I hate to bring up the possibility of a variant on the rules of Senket. I spent a long time playing it with friends, figuring out how it should work. But several people have pointed out how difficult it is to compute areas, especially during the game when you can’t draw any additional fences on the board, and I’ve long wanted a way to score that would work easily with a physical board.
I just came up with such a way of scoring, so here it is: instead of counting the area enclosed, count the open posts enclosed, and two for each enemy post enclosed. All other rules remain the same, i.e. you still square the total for each separate territory.

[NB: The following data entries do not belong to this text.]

Variable R : seq K.

(* The padding [t^-1 t] in [normal_word] puts a [t] before every block.  The length bound
   is [|v| + 2] as soon as the exponent [d - p - e] of [v] is nonnegative; the slack for a
   negative exponent is what makes the invariant survive the induction. *)
Record normal_form_of (v : seq (letter K)) (p d e : nat) (us : seq (seq K)) : Prop :=
  NormalForm {
    nf_size_blocks : size us = d.+1;
    nf_p_le : (p <= d)%N;
    nf_e_le : (e <= d)%N;
    nf_blocksR : forall u, u \in us -> {subset u <= R};
    nf_evalw : evalw (normal_word p us e) = evalw v;
    nf_size_le : (size (normal_word p us e) <= size v + 2 + 2 * (p + e - d))%N }.

Lemma normal_form_nil : normal_form_of [::] 0 0 0 [:: [::]].
Proof.
split=> //; first by move=> u; rewrite inE => /eqP ->.
exact: (mulG_letterK tN).
Qed.

Lemma normal_form_cons_inl r v p d e us : r \in R ->
  normal_form_of v p d e us ->
  normal_form_of (inl r :: v) p d e (take p us ++ (r :: nth [::] us p) :: drop p.+1 us).
Proof.
move=> rR [sz_us le_pd le_ed usR Enw size_nw].
have p_lt : (p < size us)%N by lia.
have us_split : us = take p us ++ nth [::] us p :: drop p.+1 us.
  by rewrite -drop_nth ?cat_take_drop.
have sz_take : size (take p us) = p by rewrite size_take p_lt.
split=> //.
- by rewrite size_cat /= size_drop sz_take; lia.
- move=> u; rewrite mem_cat inE => /or3P[/mem_take | /eqP -> | /mem_drop]; try exact: usR.
  by move=> s; rewrite inE => /predU1P[-> // | /usR]; apply; rewrite mem_nth.
- by rewrite evalw_normal_word_insert // -us_split Enw.
- move: size_nw; rewrite {1}us_split !size_normal_word !size_cat !map_cat !sumn_cat /=.
  lia.
Qed.

Lemma normal_wordS p us e : normal_word p.+1 us e = tN :: normal_word p us e.
Proof. by []. Qed.

Lemma evalw_cons a w : evalw (a :: w) = mulG (letter_val a) (evalw w).
Proof. by []. Qed.

Lemma normal_form_cons_t v p d e us : normal_form_of v p d e us ->
  exists p' d' us', normal_form_of (t :: v) p' d' e us'.
Proof.
case=> sz_us le_pd le_ed usR Enw size_nw.
case: p le_pd Enw size_nw => [|p] le_pd Enw size_nw.
- exists 0%N, d.+1, ([::] :: us); split=> //.
  + by rewrite /= sz_us.
  + by lia.
  + by move=> u; rewrite inE => /predU1P[-> | /usR].
  + rewrite evalw_cons -Enw (evalw_cancel [::] tN).
    by symmetry; apply: (mulG_letterK t).
  + by move: size_nw; rewrite !size_normal_word /=; lia.
- exists p, d, us; split=> //; first by lia.
  + by rewrite evalw_cons -Enw normal_wordS mulG_letterK.
  + by move: size_nw; rewrite !size_normal_word /=; lia.
Qed.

Examples of this method are shown in the diagram to the right. the actual posts played are shown in full red and blue. The counting is shown in light blue and light red. So the red and blue territories at the top are equivalent. Each contains two open posts, labeled 1 and 2, so each would be worth 2 x 2 = 4 points. Using area scoring, the red territory on the left would be worth 4 x 4 = 16 points, the blue on the right 3 x 3 = 9 points.
The square blue territory would be worth 5 x 5 = 25 points, since it contains three open posts, and one red post, which is a prisoner.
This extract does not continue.